The Decision Surface: What Containers Don't Touch
Consider an agent that has been given:
- A database connection string (to read and write application data)
- An S3 bucket credential (to store generated files)
- SSH access to a staging environment (to test deployments)
- A GitHub token (to open PRs and read code)
The container boundary doesn't protect any of those. The agent operates with those credentials from inside the container, and if it decides to run DELETE FROM users WHERE created_at < '2024-01-01' or aws s3 rm s3://production-backups --recursive, the container is silent. It let the agent execute. The damage happened in the external systems the agent reached through its granted credentials.
The decision surface — the set of actions the agent can choose to take — is entirely outside what container isolation controls.

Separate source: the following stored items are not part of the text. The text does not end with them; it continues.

Lemma hom_eval A B (h : A -> B) X (v : X -> A) t :
  is_hom h -> h (eval v t) = eval (fun x => h (v x)) t.
Proof.
move=> hh; elim: t => [x|f ts IH] //=; rewrite hh; congr (ops B f).
by apply: functional_extensionality => j; exact: IH.
Qed.

Lemma eval_prod I (B : I -> alg sg) X (v : X -> prod_alg B) t i :
  eval v t i = eval (fun x => v x i) t.
Proof.
elim: t => [x|f ts IH] //=; congr (ops (B i) f).
by apply: functional_extensionality => j; exact: IH.
Qed.

Definition eqs_hold A X (v : X -> A) (l : list (term sg X * term sg X)) : Prop :=
  forall p, In p l -> eval v p.1 = eval v p.2.

Fixpoint vars X (t : term sg X) : list X :=
  match t with
  | Var x => x :: nil
  | App f ts => flat_map (fun j => vars (ts j)) (enum 'I_(arity f))
  end.

Lemma eq_eval_vars A X (v v' : X -> A) t :
  (forall x, In x (vars t) -> v x = v' x) -> eval v t = eval v' t.
Proof.
elim: t => [x|f ts IH] /= H; first by apply: H; left.
congr (ops A f); apply: functional_extensionality => j; apply: IH => x Hx.
by apply: H; apply/in_flat_map; exists j; split=> //; apply: mem_In; rewrite mem_enum.
Qed.

Definition eqs_vars X (l : list (term sg X * term sg X)) : list X :=
  flat_map (fun p => vars p.1 ++ vars p.2) l.

Lemma vars_sub_eqs_vars X (l : list (term sg X * term sg X)) p :
  In p l -> (forall x, In x (vars p.1) -> In x (eqs_vars l)) /\
            (forall x, In x (vars p.2) -> In x (eqs_vars l)).
Proof.
by move=> Hp; split=> x Hx; apply/in_flat_map; exists p; split=> //; apply/in_app_iff; auto.
Qed.
End Terms.

Section Hypersubstitutions.
Variable sg : signature.
Implicit Types (A B : alg sg) (sigma rho : hypersubst sg).

Definition hid : hypersubst sg := fun f => @App sg _ f (fun j => Var sg j).

Definition hcomp sigma rho : hypersubst sg := fun f => hext sigma (rho f).

Lemma hext_hid X (t : term sg X) : hext hid t = t.
Proof.
elim: t => [x|f ts IH] //=; congr (@App _ _ f).
by apply: functional_extensionality => j; exact: IH.
Qed.

Lemma hext_tsubst sigma X Y (t : term sg Y) (s : Y -> term sg X) :
  hext sigma (tsubst t s) = tsubst (hext sigma t) (fun y => hext sigma (s y)).
Proof.
elim: t => [y|f ts IH] //=; rewrite tsubst_comp; congr (tsubst _ _).
by apply: functional_extensionality => j; exact: IH.
Qed.

Lemma hext_hcomp sigma rho X (t : term sg X) :
  hext sigma (hext rho t) = hext (hcomp sigma rho) t.
Proof.
elim: t => [x|f ts IH] //=; rewrite hext_tsubst; congr (tsubst _ _).
by apply: functional_extensionality => j; exact: IH.
Qed.

Definition qholds A (q : qid sg) : Prop :=
  forall v : nat -> A, eqs_hold v (qprem q) -> eval v (qconcl q).1 = eval v (qconcl q).2.
(* Full support yields a Nash equilibrium with positive entries, and skew-symmetry
   then forces [P q = 0] for every equilibrium [q]; the equilibria are those [q] of
   the simplex with [P q = 0]. The KL projection [q] of a positive [pi] is positive
   (relative entropy has infinite slope at the boundary), so its first-order
   condition says that [ln (q / pi)] is orthogonal to the directions [v] with
   [P v = 0] and [sum v = 0], i.e. [ln (q / pi) = P mu + t] for some [mu], [t].
   Any [z = P mu + t] with the sign pattern of [ln (q / pi)], hence of [q - pi],
   gives [sum_a (q_a - pi_a) z_a = <mu, P pi> <= |mu|_1 |P pi|_oo], while the left
   side is at least [min {|z_a| | z_a <> 0} * |pi - q|_1]. Fixing one such [z] for
   each of the finitely many sign patterns makes the constant independent of [pi]. *)

Lemma submx_kermx_orth (F : fieldType) m n (G : 'M[F]_(m, n)) (w : 'rV[F]_n) :
  (forall v : 'rV[F]_n, G *m v^T = 0 -> v *m w^T = 0) -> (w <= G)%MS.
Proof.
move=> orth; set K := kermx G^T.
have KG : K *m G^T = 0 := mulmx_ker _.
have Kw : K *m w^T = 0.
  apply/row_matrixP => i; rewrite row_mul row0; apply: orth.
  by rewrite -[G]trmxK -trmx_mul -row_mul KG row0 trmx0.
have wK : (w <= kermx K^T)%MS.
  by apply/sub_kermxP; rewrite -(trmxK w) -trmx_mul Kw trmx0.
have GK : (G <= kermx K^T)%MS.
  by apply/sub_kermxP; rewrite -(trmxK G) -trmx_mul KG trmx0.
have rankK : \rank (kermx K^T) = \rank G.
  by rewrite mxrank_ker mxrank_tr /K mxrank_ker mxrank_tr subKn // rank_leq_col.
have [_] := mxrank_leqif_sup GK.
by rewrite rankK eqxx => /esym KG_eq; apply: submx_trans wK KG_eq.
Qed.

Section PositiveBounds.
Variable R : realFieldType.

Lemma uniform_pos_bound (T : finType) (K : T -> R -> Prop) :
  (forall t c c', 0 < c' -> c' <= c -> K t c -> K t c') ->
  (forall t, exists2 c, 0 < c & K t c) -> exists2 c, 0 < c & forall t, K t c.
Proof.
move=> Kmono Kex.
suff [c c0 Kc] : exists2 c, 0 < c & forall t, t \in enum T -> K t c.
  by exists c => // t; apply: Kc; rewrite mem_enum.
elim: (enum T) => [|t l [c c0 Kc]]; first by exists 1.
have [ct ct0 Kct] := Kex t.
have m0 : 0 < Num.min c ct by rewrite lt_min c0 ct0.
exists (Num.min c ct) => // u; rewrite inE => /orP[/eqP -> | ul].
  by apply: (Kmono _ ct) => //; rewrite ge_min lexx orbT.
by apply: (Kmono _ c) => //; [rewrite ge_min lexx | apply: Kc].
Qed.

Lemma nonzero_bounded_away (T : finType) (z : T -> R) :
  exists2 c, 0 < c & forall t, z t != 0 -> c <= `|z t|.
Proof.
apply: (uniform_pos_bound (K := fun t c => z t != 0 -> c <= `|z t|)).
  by move=> t c c' _ c'c Kc /Kc; apply: le_trans.
move=> t; have [-> | zt] := eqVneq (z t) 0; first by exists 1.
by exists `|z t|; rewrite ?normr_gt0.
Qed.

Lemma ge0_of_quadratic_lb (G K s0 : R) : 0 < s0 ->
  (forall s, 0 < s -> s <= s0 -> 0 <= s * G + s ^+ 2 * K) -> 0 <= G.
Proof.
move=> s00 lb; rewrite leNgt; apply/negP => G0.
have K1 : 0 < `|K| + 1 by rewrite ltr_pwDr // normr_ge0.
pose s := Num.min s0 (- G / (2 * (`|K| + 1))).
have s0p : 0 < s by rewrite lt_min s00 divr_gt0 ?mulr_gt0 // oppr_gt0.
have sK : s * `|K| <= - G / 2.
  have : s <= - G / (2 * (`|K| + 1)) by rewrite ge_min lexx orbT.
  rewrite ler_pdivlMr ?mulr_gt0 // => h.
  have : s * `|K| <= s * (`|K| + 1) by rewrite ler_wpM2l ?ltW //; lra.
  lra.
have ss0 : s <= s0 by rewrite ge_min lexx.
have := lb s s0p ss0.
have : s ^+ 2 * K <= s * (s * `|K|).
  by rewrite expr2 -mulrA !ler_pM2l // ler_norm.
have : s * (s * `|K|) <= s * (- G / 2) by rewrite ler_pM2l.
have : s * G < 0 by rewrite pmulr_rlt0.
lra.
Qed.

End PositiveBounds.

Section RelativeEntropy.
Variable R : realType.

Definition relent (x p : R) : R := if x == 0 then 0 else x * ln (x / p).

Lemma KLE (A : finType) (q pi : A -> R) : KL q pi = \sum_a relent (q a) (pi a).
Proof. by []. Qed.

Lemma relent_pos (x p : R) : 0 < x -> relent x p = x * ln (x / p).
Proof. by move=> x0; rewrite /relent gt_eqF. Qed.

Lemma ln_le_subr1 (y : R) : 0 < y -> ln y <= y - 1.
Proof.
by move=> y0; have := @le_ln1Dx R (y - 1); rewrite addrCA subrr addr0; apply; lra.
Qed.
Lemma horner_map_bpoly (R : nzRingType) (S : comNzRingType) (f : {rmorphism R -> S})
    n (b : 'cV[R]_n.+1) z :
  (map_poly f (bpoly b)).[z] = horner_prefix (fun k => f (b (inord k) 0)) z n.
Proof.
rewrite /bpoly rmorph_sum horner_sum; apply: eq_bigr => k _.
by rewrite /= map_polyZ map_polyXn hornerZ hornerXn inord_val.
Qed.

Lemma normc_lt1 (R : rcfType) (z : R[i]) :
  complex.Re z ^+ 2 + complex.Im z ^+ 2 < 1 -> `|z| < 1.
Proof.
by move=> z2_lt1; rewrite normc_def (_ : 1 = (1 : R)%:C)%C // ltcR -sqrtr1 ltr_sqrt.
Qed.

Lemma Re_addM (R : rcfType) (r : R) (z w : R[i]) :
  complex.Re (r%:C + z * w)%C =
  r + complex.Re z * complex.Re w - complex.Im z * complex.Im w.
Proof. by case: z w => [zr zi] [wr wi] /=; ring. Qed.

Lemma Im_addM (R : rcfType) (r : R) (z w : R[i]) :
  complex.Im (r%:C + z * w)%C =
  complex.Re z * complex.Im w + complex.Im z * complex.Re w.
Proof. by case: z w => [zr zi] [wr wi] /=; ring. Qed.

Section LagStability.
Variables (R : rcfType) (n : nat) (M : 'M[R]_n.+1) (a : nat -> R).
Hypotheses (M_pd : posdef M) (a_neq0 : \col_(i < n.+1) a i != 0).
Hypothesis bform_lag : forall f, f n = 0 -> bform M f f <= bform M (lag f) (lag f).
Hypothesis bform_lag_a : forall f, bform M (lag f) a = 0.

Lemma horner_prefix_root_lt1 (z : R[i]) :
  horner_prefix (fun k => (a k)%:C)%C z n = 0 -> `|z| < 1.
Proof.
move=> h_n; set h := horner_prefix _ z in h_n.
pose x k := complex.Re (h k); pose y k := complex.Im (h k).
have x_eq : x =1 a \+ complex.Re z \*o lag x \+ (- complex.Im z) \*o lag y.
  by move=> k; rewrite /x /y /h horner_prefix_lag Re_addM; case: k => [|k] /=; ring.
have y_eq : y =1 complex.Re z \*o lag y \+ complex.Im z \*o lag x.
  by move=> k; rewrite /x /y /h horner_prefix_lag Im_addM; case: k => [|k] /=; ring.
have M_sym := M_pd.1.
have a_lag f : bform M a (lag f) = 0 by rewrite bformC.
have [xn yn] : x n = 0 /\ y n = 0 by rewrite /x /y h_n.
have x_lag := bform_lag xn; have y_lag := bform_lag yn.
rewrite (eq_bform M x_eq x_eq) !bformDl !bformDr !bformMl !bformMr !a_lag in x_lag.
rewrite (eq_bform M y_eq y_eq) !bformDl !bformDr !bformMl !bformMr in y_lag.
rewrite !bform_lag_a [bform M (lag y) (lag x)]bformC // in x_lag y_lag.
have := posdef_bform_gt0 M_pd a_neq0.
have := posdef_bform_ge0 M_pd (lag x); have := posdef_bform_ge0 M_pd (lag y).
move=> ly_ge0 lx_ge0 a_gt0; apply: normc_lt1; nra.
Qed.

The Three Layers That Actually Need Sandboxing
1. Command authorization
Every command the agent wants to execute should pass through an authorization layer before it runs. Not a capability check ("can this process execute bash?"), but a semantic check ("should this specific command run in this context, against this target, at this time?").
This is what a command approval gateway does. The agent submits a command. The gateway evaluates it against a whitelist, applies risk scoring, and either auto-approves, routes to a human reviewer, or denies. The command doesn't execute until that decision is made.

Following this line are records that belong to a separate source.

Lemma supp_proj_psd m (rho P : 'M[C]_m) : supp_proj rho P -> psd P /\ loewner P 1%:M.
Proof.
move=> [hP [PP _]]; split; first by have := psd_gram P; rewrite hP PP.
have := psd_gram (1%:M - P); rewrite adjmB adjm1 hP.
by rewrite mulmxBl mul1mx mulmxBr mulmx1 PP subrr subr0.
Qed.

Lemma einvK (x : \bar R) : x != -oo%E -> einv (einv x) = x.
Proof.
case: x => [r||] //= _; last by rewrite eqxx.
have [->|r_neq0] := eqVneq r 0; first by [].
by rewrite /= invr_eq0 (negPf r_neq0) invrK.
Qed.

Lemma Hfun_ge_free_op n m (F : set 'M[C]_n) (F' : set 'M[C]_m) rho rho'
    (E : {linear 'M[C]_n -> 'M[C]_m}) (p : R) (P : 'M[C]_m) (t : \bar R) :
  (forall s, F' s -> density s) -> density rho' ->
  free_ops F F' E -> E rho = (p%:C)%C *: rho' ->
  psd P -> loewner P 1%:M -> P *m rho' = rho' ->
  (forall s', F' s' -> ((ip P s')%:E <= einv t)%E) ->
  (p%:E <= Hfun F rho t)%E.
Proof.
move=> F'_density [hrho' trrho'] [cpE [tniE freeE]] Erho hP P_le1 Prho' P_bound.
set W := dualmap E P; set Z := dualmap E 1%:M.
have ipW_rho : ip W rho = p by rewrite (ip_dualmap _ Erho) /ip Prho' trrho' /= mulr1.
have ipZ_rho : ip Z rho = p by rewrite (ip_dualmap _ Erho) ip1l ?mulr1.
apply: ereal_sup_ubound; exists W; last by rewrite ipC ipW_rho.
exists Z; split; first exact: dualmap_psd.
split; first by rewrite /loewner -dualmapB; apply: dualmap_psd.
split; first exact: dualmap1_le1.
split; first by rewrite ipW_rho ipZ_rho.
move=> s /freeE [s' [q [hs' [/andP[q_ge0 _] Es]]]].
rewrite (ip_dualmap _ Es) (ip_dualmap _ Es) (ip1l (F'_density _ hs')) mulr1 EFinM.
by rewrite muleC lee_wpmul2r ?lee_fin ?P_bound.
Qed.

Container isolation can't do this. It operates at the process/syscall level, not at the semantic level of "what is this command actually trying to do?"

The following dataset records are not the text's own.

(* In ASD, an object $X$ has an effective basis indexed by some overt discrete object $N$ if and only if $X$ is a $\Sigma$-split subobject of $\Sigma^N$ for some overt discrete $N$. Explicitly, from a basis $(\beta^n,A_n)$ one gets $i:X\to\Sigma^N$, $ix=\lambda n.\beta^nx$, and $I:\Sigma^X\to\Sigma^{\Sigma^N}$, $I\phi=\lambda\xi.\exists n.A_n\phi\wedge\xi n$, with $\Sigma^i\circ I=\mathrm{id}_{\Sigma^X}$; conversely, if $i:X\to Y$ is $\Sigma$-split with splitting $I$ and $(\beta^n,A_n)$ is an effective basis of $Y$, then $(\Sigma^i\beta^n,\ \lambda\phi.A_n(I\phi))$ is an effective basis of $X$ (a $\vee$- or $\wedge$-basis if the given one was).
   Context: ASD setting. $\mathcal S$ is a category with finite products and an object $\Sigma$ for which all exponentials $\Sigma^X$ exist; we reason in its simply typed $\lambda$-calculus (terms in a context $\Gamma$). $(\Sigma,\top,\bot,\wedge,\vee)$ is an internal distributive lattice, and each $\Sigma^X$ is a distributive lattice pointwise; the intrinsic order is $\phi\le\psi$ iff $\phi=\phi\wedge\psi$; on $\Sigma$ it is written $\Rightarrow$ and equality $\Leftrightarrow$. Phoa principle: $F\sigma\Leftrightarrow F\bot\vee(\sigma\wedge F\top)$ for $F:\Sigma^\Sigma,\sigma:\Sigma$. An object $N$ is overt discrete if it has an equality predicate $(=_N):N\times N\to\Sigma$ with $\Gamma\vdash n=m$ iff $\Gamma\vdash(n=_Nm)\Leftrightarrow\top$, and an existential quantifier $\exists_N:\Sigma^N\to\Sigma$ left adjoint to $\Sigma^{!}:\Sigma\to\Sigma^N$ (written $\exists n.\phi n$). There is a natural numbers object $\mathbb N$, which is overt discrete. For overt discrete $N$, $\mathrm{Fin}(N)$ is the overt discrete object of finite lists over $N$, with membership $n\in\ell$ and bounded quantifiers $\exists n\in\ell$, $\forall n\in\ell$ defined by list recursion. Scott principle: for overt discrete $N$, $\Phi:\Sigma^{\Sigma^N},\xi:\Sigma^N$: $\Phi\xi\Leftrightarrow\exists\ell:\mathrm{Fin}(N).\ \Phi(\lambda n.n\in\ell)\wedge\forall n\in\ell.\xi n$. Sobriety: $P:\Sigma^{\Sigma^X}$ is prime if $\mathcal FP\Leftrightarrow P(\lambda x.\mathcal F(\lambda\phi.\phi x))$ for all $\mathcal F:\Sigma^{\Sigma^{\Sigma^X}}$; then there is a unique $a:X$ with $P=\lambda\phi.\phi a$. A nucleus is $E:\Sigma^Y\to\Sigma^Y$ with $E(\lambda y.\mathcal F(\lambda\phi.\phi y))=E(\lambda y.\mathcal F(\lambda\phi.E\phi y))$ for all $\mathcal F:\Sigma^{\Sigma^{\Sigma^Y}}$; for every nucleus there is a $\Sigma$-split subobject $i:X\to Y$, i.e. one with $I:\Sigma^X\to\Sigma^Y$, $\Sigma^i\circ I=\mathrm{id}$, and moreover $I\circ\Sigma^i=E$. A $\Sigma$-split subobject $i:X\to Y$ is a (regular) mono with some $I:\Sigma^X\to\Sigma^Y$ satisfying $\Sigma^i\circ I=\mathrm{id}_{\Sigma^X}$. Bases. An effective basis for $X$ indexed by an overt discrete $N$ is a pair of families $n:N\vdash\beta^n:\Sigma^X$ and $n:N\vdash A_n:\Sigma^{\Sigma^X}$ with $\phi=\lambda x.\exists n.\ A_n\phi\wedge\beta^nx$ for all $\phi:\Sigma^X$. It is a $\vee$-basis if there are $0:N$ and $+:N\times N\to N$ with $\beta^0=\bot$, $A_0=\lambda\phi.\top$, $\beta^{n+m}=\beta^n\vee\beta^m$, $A_{n+m}=A_n\wedge A_m$; an $\wedge$-basis if there are $1:N$ and $\star:N\times N\to N$ with $\beta^1=\top$, $\beta^{n\star m}=\beta^n\wedge\beta^m$, $A_n\le A_{n\star m}$, $A_m\le A_{n\star m}$. *)

(* Deep embedding of the ASD setting:
   an abstract category with finite products and exponentials Sigma^X,
   reasoned about through generalized elements (terms in a context G are
   morphisms G -> A; equality of terms is equality of morphisms). *)

Set Implicit Arguments.
Definition is_matroid (n : nat) (indep : {set 'I_n} -> bool) : Prop :=
  [/\ indep set0,
      (forall A B : {set 'I_n}, A \subset B -> indep B -> indep A) &
      (forall A B : {set 'I_n}, indep A -> indep B -> (#|A| < #|B|)%N ->
         exists2 x, x \in B :\: A & indep (x |: A))].

Definition is_basis (n : nat) (indep : {set 'I_n} -> bool) (S : {set 'I_n}) : Prop :=
  indep S /\ forall T : {set 'I_n}, indep T -> (#|T| <= #|S|)%N.

Section Exchange.
Variables (R : realType) (d n : nat) (v : 'I_n -> 'cV[R]_d)
          (indep : {set 'I_n} -> bool) (S : {set 'I_n}).

Definition Vmat (T : {set 'I_n}) : 'M[R]_(d, #|T|) :=
  \matrix_(r < d, j < #|T|) v (enum_val j) r ord0.

Definition gram : 'M[R]_d := Vmat S *m (Vmat S)^T.

Definition ipS (x y : 'cV[R]_d) : R := (x^T *m invmx gram *m y) ord0 ord0.
Definition nrm2S (x : 'cV[R]_d) : R := ipS x x.

Definition exch (a b : 'I_n) : {set 'I_n} := b |: (S :\ a).

Definition spans (T : {set 'I_n}) : bool := \rank (Vmat T) == d.

Definition neglog (x : R) : \bar R := if x <= 0 then +oo%E else (- ln x)%:E.

Inductive earc : Type :=
  | Back of 'I_n & 'I_n      (* Back a b  : a -> b,  a in S, b notin S *)
  | FwdI of 'I_n & 'I_n      (* FwdI b a  : b -I-> a, b notin S, a in S *)
  | FwdII of 'I_n & 'I_n.    (* FwdII b a : b -II-> a *)

Definition src (e : earc) : 'I_n :=
  match e with Back a _ => a | FwdI b _ => b | FwdII b _ => b end.
Definition tgt (e : earc) : 'I_n :=
  match e with Back _ b => b | FwdI _ a => a | FwdII _ a => a end.

Definition is_typeII (e : earc) : bool :=
  match e with FwdII _ _ => true | _ => false end.

Definition arc_in_G (e : earc) : bool :=
  match e with
  | Back a b => [&& a \in S, b \notin S & indep (exch a b)]
  | FwdI b a => [&& b \notin S, a \in S & spans (exch a b)]
  | FwdII b a => [&& b \notin S, a \in S & spans (exch a b)]
  end.

Definition arc_weight (e : earc) : \bar R :=
  match e with
  | Back _ _ => 0%E
  | FwdI b a => neglog `|ipS (v b) (v a)|
  | FwdII b a => neglog (Num.sqrt ((1 + nrm2S (v b)) * (1 - nrm2S (v a))))
  end.

Definition consecutive : rel earc := fun e1 e2 => tgt e1 == src e2.

Definition is_cycle (c : seq earc) : bool :=
  [&& (0 < size c)%N, all arc_in_G c, cycle consecutive c & uniq (map src c)].

Definition ver (c : seq earc) : {set 'I_n} := [set x | x \in map src c].

Definition cweight (c : seq earc) : \bar R := (\sum_(e <- c) arc_weight e)%E.

Definition fval (i : nat) : R := if i == 1%N then 2 else ((i`!) ^ 11)%:R.

(* |C|/2 : cycles in the bipartite graph G(S) have even length *)
Definition f_violating (c : seq earc) : Prop :=
  is_cycle c /\ (cweight c < (- ln (fval (size c)./2))%:E)%E.

Definition min_f_violating (c : seq earc) : Prop :=
  f_violating c /\
  forall c' : seq earc, is_cycle c' -> ver c' \proper ver c -> not (f_violating c').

2. Credential scope and lifetime
The credentials you give an agent define its blast radius. A database credential with full read-write access to all tables is a much larger blast radius than one scoped to a specific schema with only the tables the agent legitimately needs.
Effective sandboxing at the credential layer means:
- Scoped credentials: read-only where write isn't needed, schema-scoped for databases, prefix-limited for object storage
- Short-lived credentials: tokens that expire in minutes or hours, not permanent API keys
- Session-scoped credentials: a fresh, limited credential issued per agent session, revocable when the session ends
This is runtime credential sandboxing. It doesn't prevent the agent from attempting a destructive action, but it limits the damage if the attempt succeeds.
3. Network egress control
Containers can restrict network egress, but most deployments don't configure this carefully. A common mistake is putting the agent on the same network segment as production databases "for convenience" and then relying on the agent to make good decisions about which queries to run.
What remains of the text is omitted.